▸ **Try it**
Your task is to transcribe the entries below exactly, beginning with the line containing "From mathcomp Require Import all_boot." and ending with the final line, and to add nothing else.

▸ **Input for this task**
(* Let $R$ and $Q$ be rod sets. (a) There exist a rod set $R'\equiv R$ and an expansion subtree $\mathsf T$ of $\mathrm{Tree}(R')$ with $\langle\mathrm{Inner}(\mathsf T)\rangle\equiv Q$. (b) For any rod set $R'\equiv R$ and any expansion subtree $\mathsf T$ of $\mathrm{Tree}(R')$ with $\langle\mathrm{Inner}(\mathsf T)\rangle\equiv Q$, one has $$\langle\mathrm{Leaves}(\mathsf T)\rangle\equiv R\cup\overline{Q}\cup QR .$$
   Context: A rod is a triple $(r,c,\varepsilon)$ with $r$ a positive integer (length), $c$ a tag (color) and $\varepsilon\in\{\pm1\}$ (sign); rods of sign $-1$ are antirods. A rod set is a set of rods with finitely many rods of each length. $C(n,R)$ is the number of positive rods of length $n$ in $R$ minus the number of antirods of length $n$. Rod sets $R,S$ are equivalent, $R\equiv S$, if $C(n,R)=C(n,S)$ for all $n>0$ (equivalently, one is obtained from the other by adding/deleting pairs consisting of a rod and an antirod of the same length). Unions of rod sets are disjoint (multiset) unions; $\overline{Q}$ is $Q$ with all signs reversed; the concatenation $QR$ is the rod set with one rod for each pair $(q,r)\in Q\times R$, of length $\operatorname{len}(q)+\operatorname{len}(r)$ and sign $\operatorname{sign}(q)\operatorname{sign}(r)$. A train built from $R$ is a finite sequence of rods of $R$ (the empty train is $\Lambda$), with length the sum of lengths and sign the product of signs; for a set $X$ of trains, $\langle X\rangle$ is the rod set with one rod, of the same length and sign, for each nonempty train in $X$. $\mathrm{Tree}(R)$ is the rooted tree with nodes the trains built from $R$, root $\Lambda$, and children of $\tau$ the trains $\tau k$, $k\in R$ (one per rod). An expansion subtree $\mathsf T$ is a rooted subtree containing all children of the root, and containing all children of any node of which it contains at least one child; $\mathrm{Inner}(\mathsf T)$ is the set of non-root nodes with children in $\mathsf T$, $\mathrm{Leaves}(\mathsf T)$ the set of nodes of $\mathsf T$ without children in $\mathsf T$. *)

From mathcomp Require Import all_boot.
From mathcomp Require Import ssralg ssrint.
From mathcomp Require Import boolp.
Set Implicit Arguments. Unset Strict Implicit. Unset Printing Implicit Defensive.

▸ **Result of this task**
From mathcomp Require Import all_boot.
From mathcomp Require Import ssralg ssrint.
From mathcomp Require Import boolp.
Set Implicit Arguments. Unset Strict Implicit. Unset Printing Implicit Defensive.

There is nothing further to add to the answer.